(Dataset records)
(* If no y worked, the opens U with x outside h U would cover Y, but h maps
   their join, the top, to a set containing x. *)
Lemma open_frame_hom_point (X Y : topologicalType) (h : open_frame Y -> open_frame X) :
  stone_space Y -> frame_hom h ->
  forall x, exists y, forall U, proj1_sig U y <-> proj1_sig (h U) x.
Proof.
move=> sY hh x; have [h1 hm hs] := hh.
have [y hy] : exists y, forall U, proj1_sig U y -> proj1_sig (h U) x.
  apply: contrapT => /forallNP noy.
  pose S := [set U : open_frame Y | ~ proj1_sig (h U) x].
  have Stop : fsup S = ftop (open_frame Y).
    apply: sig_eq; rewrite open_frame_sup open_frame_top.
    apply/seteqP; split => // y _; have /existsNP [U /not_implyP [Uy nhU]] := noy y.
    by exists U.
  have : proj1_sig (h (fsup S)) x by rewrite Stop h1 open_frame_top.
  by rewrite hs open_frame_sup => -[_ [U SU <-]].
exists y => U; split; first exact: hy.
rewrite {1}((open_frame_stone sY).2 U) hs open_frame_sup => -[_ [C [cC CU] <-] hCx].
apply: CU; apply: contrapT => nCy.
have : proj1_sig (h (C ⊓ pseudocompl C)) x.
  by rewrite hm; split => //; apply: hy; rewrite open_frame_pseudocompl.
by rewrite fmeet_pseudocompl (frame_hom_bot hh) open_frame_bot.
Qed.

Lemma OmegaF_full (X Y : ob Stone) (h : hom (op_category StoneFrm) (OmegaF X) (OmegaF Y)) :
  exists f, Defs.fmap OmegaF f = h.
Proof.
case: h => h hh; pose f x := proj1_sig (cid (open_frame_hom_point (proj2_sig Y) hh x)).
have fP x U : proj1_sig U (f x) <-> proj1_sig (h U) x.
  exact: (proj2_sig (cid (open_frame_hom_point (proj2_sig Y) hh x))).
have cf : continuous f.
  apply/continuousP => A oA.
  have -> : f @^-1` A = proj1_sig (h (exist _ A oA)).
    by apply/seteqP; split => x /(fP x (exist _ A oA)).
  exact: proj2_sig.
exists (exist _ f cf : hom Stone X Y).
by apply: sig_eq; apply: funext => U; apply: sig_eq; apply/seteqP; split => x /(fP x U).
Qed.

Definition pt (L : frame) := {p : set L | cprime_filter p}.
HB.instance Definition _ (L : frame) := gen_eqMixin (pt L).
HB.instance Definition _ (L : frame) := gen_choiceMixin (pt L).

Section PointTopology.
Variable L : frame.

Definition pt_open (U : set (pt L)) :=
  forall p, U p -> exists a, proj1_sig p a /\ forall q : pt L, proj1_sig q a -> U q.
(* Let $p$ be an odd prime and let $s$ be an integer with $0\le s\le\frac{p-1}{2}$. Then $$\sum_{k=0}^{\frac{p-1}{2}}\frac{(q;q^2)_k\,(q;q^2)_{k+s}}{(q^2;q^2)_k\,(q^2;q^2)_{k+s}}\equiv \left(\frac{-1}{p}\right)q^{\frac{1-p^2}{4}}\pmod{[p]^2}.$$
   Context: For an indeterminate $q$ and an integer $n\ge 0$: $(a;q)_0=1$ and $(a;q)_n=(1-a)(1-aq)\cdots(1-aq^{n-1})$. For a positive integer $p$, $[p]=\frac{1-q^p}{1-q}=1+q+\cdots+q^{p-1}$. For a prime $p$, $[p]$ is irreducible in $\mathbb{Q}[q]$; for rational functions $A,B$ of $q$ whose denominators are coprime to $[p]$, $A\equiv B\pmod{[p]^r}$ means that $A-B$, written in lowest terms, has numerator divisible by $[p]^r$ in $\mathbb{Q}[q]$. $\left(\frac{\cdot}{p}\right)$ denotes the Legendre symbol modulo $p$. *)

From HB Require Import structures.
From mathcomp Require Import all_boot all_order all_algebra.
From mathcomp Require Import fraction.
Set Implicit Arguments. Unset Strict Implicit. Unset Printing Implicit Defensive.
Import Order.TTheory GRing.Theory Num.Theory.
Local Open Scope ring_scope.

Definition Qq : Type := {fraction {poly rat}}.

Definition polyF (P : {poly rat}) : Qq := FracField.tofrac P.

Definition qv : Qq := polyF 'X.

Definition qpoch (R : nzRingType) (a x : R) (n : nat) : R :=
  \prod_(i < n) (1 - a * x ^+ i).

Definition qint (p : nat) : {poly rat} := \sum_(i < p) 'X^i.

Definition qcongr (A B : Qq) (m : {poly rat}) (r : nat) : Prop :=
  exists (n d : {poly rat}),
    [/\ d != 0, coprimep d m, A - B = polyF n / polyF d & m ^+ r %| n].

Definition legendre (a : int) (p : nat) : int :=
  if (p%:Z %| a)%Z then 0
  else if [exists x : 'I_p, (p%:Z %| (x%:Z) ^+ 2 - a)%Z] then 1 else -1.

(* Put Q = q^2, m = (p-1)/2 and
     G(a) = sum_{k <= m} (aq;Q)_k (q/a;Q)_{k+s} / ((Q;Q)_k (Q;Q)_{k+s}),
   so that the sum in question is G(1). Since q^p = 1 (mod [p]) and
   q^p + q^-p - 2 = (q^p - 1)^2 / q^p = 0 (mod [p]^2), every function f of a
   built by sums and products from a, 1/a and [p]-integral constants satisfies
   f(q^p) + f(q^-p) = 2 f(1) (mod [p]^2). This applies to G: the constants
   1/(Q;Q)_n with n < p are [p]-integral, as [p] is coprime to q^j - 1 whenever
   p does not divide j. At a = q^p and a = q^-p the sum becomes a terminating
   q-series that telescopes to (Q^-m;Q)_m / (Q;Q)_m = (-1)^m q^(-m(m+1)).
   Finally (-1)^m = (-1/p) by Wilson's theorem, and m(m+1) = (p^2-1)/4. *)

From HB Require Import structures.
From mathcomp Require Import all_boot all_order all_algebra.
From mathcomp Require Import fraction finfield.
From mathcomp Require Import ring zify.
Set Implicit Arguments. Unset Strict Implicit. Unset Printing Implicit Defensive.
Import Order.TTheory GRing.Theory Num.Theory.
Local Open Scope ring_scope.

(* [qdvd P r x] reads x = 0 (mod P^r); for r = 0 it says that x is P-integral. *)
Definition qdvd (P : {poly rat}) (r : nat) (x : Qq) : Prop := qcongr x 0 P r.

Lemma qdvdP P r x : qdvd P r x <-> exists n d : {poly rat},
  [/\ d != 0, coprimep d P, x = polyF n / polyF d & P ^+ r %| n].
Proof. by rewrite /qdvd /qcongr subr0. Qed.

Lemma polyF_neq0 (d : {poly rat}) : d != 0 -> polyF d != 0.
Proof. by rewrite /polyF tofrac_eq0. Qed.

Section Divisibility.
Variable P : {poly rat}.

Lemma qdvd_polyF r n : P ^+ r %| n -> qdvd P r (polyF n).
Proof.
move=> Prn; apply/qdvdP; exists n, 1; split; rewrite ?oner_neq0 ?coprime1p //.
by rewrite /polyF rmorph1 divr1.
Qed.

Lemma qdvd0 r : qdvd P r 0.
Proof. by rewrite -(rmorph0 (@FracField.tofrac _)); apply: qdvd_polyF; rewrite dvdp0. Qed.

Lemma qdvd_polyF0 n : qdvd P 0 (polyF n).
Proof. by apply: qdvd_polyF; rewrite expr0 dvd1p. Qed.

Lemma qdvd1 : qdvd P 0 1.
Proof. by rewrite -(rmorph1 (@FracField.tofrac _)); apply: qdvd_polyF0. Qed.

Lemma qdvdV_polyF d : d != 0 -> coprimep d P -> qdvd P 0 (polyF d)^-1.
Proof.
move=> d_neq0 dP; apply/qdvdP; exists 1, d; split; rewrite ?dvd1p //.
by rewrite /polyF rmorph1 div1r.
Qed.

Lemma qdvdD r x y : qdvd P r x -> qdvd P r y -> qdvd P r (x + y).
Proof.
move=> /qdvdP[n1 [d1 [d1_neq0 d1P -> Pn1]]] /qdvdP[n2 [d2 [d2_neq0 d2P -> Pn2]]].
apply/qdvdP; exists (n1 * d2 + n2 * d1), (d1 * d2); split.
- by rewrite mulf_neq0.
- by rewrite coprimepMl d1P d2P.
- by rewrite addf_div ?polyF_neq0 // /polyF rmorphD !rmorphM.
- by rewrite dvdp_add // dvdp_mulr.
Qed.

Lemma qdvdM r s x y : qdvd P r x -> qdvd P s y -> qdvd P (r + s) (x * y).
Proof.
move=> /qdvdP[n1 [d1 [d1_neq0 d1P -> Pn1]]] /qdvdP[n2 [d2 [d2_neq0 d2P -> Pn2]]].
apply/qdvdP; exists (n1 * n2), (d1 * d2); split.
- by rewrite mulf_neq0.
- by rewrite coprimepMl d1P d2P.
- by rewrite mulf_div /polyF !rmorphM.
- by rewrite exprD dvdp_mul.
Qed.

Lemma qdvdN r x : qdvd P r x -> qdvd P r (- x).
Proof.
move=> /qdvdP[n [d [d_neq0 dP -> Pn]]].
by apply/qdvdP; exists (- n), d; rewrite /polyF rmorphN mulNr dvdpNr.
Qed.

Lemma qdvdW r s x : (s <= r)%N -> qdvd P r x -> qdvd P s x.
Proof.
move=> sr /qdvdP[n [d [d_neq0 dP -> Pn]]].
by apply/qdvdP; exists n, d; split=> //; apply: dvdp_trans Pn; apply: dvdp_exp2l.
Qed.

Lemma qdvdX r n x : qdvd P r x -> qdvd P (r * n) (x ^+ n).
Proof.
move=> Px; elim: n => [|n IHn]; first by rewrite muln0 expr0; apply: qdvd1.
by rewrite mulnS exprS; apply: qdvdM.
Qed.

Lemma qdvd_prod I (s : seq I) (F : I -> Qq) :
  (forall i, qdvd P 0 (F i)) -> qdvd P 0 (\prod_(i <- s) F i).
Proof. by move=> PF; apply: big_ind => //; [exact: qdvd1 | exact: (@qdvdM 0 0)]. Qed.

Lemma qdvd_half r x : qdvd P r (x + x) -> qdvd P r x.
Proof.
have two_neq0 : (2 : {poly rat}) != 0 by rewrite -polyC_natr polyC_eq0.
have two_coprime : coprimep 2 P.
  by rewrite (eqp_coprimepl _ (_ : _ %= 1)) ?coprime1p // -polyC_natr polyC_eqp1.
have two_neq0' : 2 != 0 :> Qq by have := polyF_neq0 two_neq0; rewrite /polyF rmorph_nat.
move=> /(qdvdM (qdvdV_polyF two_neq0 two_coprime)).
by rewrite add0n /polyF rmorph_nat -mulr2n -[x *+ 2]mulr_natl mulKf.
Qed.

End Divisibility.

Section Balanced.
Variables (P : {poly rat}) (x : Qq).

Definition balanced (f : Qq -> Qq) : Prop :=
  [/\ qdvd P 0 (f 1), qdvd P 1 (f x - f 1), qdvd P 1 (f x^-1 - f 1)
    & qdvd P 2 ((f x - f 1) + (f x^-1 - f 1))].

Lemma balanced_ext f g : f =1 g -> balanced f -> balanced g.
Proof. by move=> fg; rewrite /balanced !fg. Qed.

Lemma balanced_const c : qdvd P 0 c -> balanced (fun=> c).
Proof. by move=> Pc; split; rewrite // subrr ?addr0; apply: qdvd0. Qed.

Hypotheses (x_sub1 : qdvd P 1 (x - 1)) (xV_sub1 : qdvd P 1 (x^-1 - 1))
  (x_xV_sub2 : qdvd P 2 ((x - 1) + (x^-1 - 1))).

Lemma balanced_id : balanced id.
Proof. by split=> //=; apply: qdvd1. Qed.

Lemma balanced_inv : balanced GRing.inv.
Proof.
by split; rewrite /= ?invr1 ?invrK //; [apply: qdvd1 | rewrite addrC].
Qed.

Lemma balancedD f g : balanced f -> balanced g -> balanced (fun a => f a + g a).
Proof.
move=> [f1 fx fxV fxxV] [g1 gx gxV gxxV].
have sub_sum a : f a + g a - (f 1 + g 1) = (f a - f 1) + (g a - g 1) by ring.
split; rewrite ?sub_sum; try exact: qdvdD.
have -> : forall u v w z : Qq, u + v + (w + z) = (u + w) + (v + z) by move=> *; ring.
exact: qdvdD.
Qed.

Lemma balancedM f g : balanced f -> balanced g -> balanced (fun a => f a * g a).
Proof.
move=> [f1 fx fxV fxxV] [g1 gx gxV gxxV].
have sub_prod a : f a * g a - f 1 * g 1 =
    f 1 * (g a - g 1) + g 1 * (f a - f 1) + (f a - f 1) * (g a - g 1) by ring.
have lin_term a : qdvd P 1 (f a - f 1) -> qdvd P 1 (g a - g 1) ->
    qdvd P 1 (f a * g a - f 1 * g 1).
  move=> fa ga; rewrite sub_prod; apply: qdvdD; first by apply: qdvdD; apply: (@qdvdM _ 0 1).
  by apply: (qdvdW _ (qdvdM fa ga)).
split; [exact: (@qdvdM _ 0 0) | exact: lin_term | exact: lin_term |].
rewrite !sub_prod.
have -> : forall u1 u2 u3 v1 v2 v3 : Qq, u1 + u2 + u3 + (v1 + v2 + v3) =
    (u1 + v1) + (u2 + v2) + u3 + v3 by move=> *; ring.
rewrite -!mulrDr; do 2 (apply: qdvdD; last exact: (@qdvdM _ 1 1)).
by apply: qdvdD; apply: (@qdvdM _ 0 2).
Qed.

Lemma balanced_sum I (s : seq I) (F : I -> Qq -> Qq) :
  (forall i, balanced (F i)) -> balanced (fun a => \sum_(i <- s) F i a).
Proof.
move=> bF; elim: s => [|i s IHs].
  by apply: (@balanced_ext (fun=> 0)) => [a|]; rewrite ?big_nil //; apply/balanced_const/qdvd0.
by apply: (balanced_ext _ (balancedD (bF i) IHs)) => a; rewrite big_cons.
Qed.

▸ **Assignment**:
Search the entries above for lines containing the word "qdvdP", and copy each one.

▸ **Answer for the task**:
Lemma qdvdP P r x : qdvd P r x <-> exists n d : {poly rat},
move=> Prn; apply/qdvdP; exists n, 1; split; rewrite ?oner_neq0 ?coprime1p //.
move=> d_neq0 dP; apply/qdvdP; exists 1, d; split; rewrite ?dvd1p //.
move=> /qdvdP[n1 [d1 [d1_neq0 d1P -> Pn1]]] /qdvdP[n2 [d2 [d2_neq0 d2P -> Pn2]]].
apply/qdvdP; exists (n1 * d2 + n2 * d1), (d1 * d2); split.
move=> /qdvdP[n1 [d1 [d1_neq0 d1P -> Pn1]]] /qdvdP[n2 [d2 [d2_neq0 d2P -> Pn2]]].
apply/qdvdP; exists (n1 * n2), (d1 * d2); split.
move=> /qdvdP[n [d [d_neq0 dP -> Pn]]].
by apply/qdvdP; exists (- n), d; rewrite /polyF rmorphN mulNr dvdpNr.
move=> sr /qdvdP[n [d [d_neq0 dP -> Pn]]].
by apply/qdvdP; exists n, d; split=> //; apply: dvdp_trans Pn; apply: dvdp_exp2l.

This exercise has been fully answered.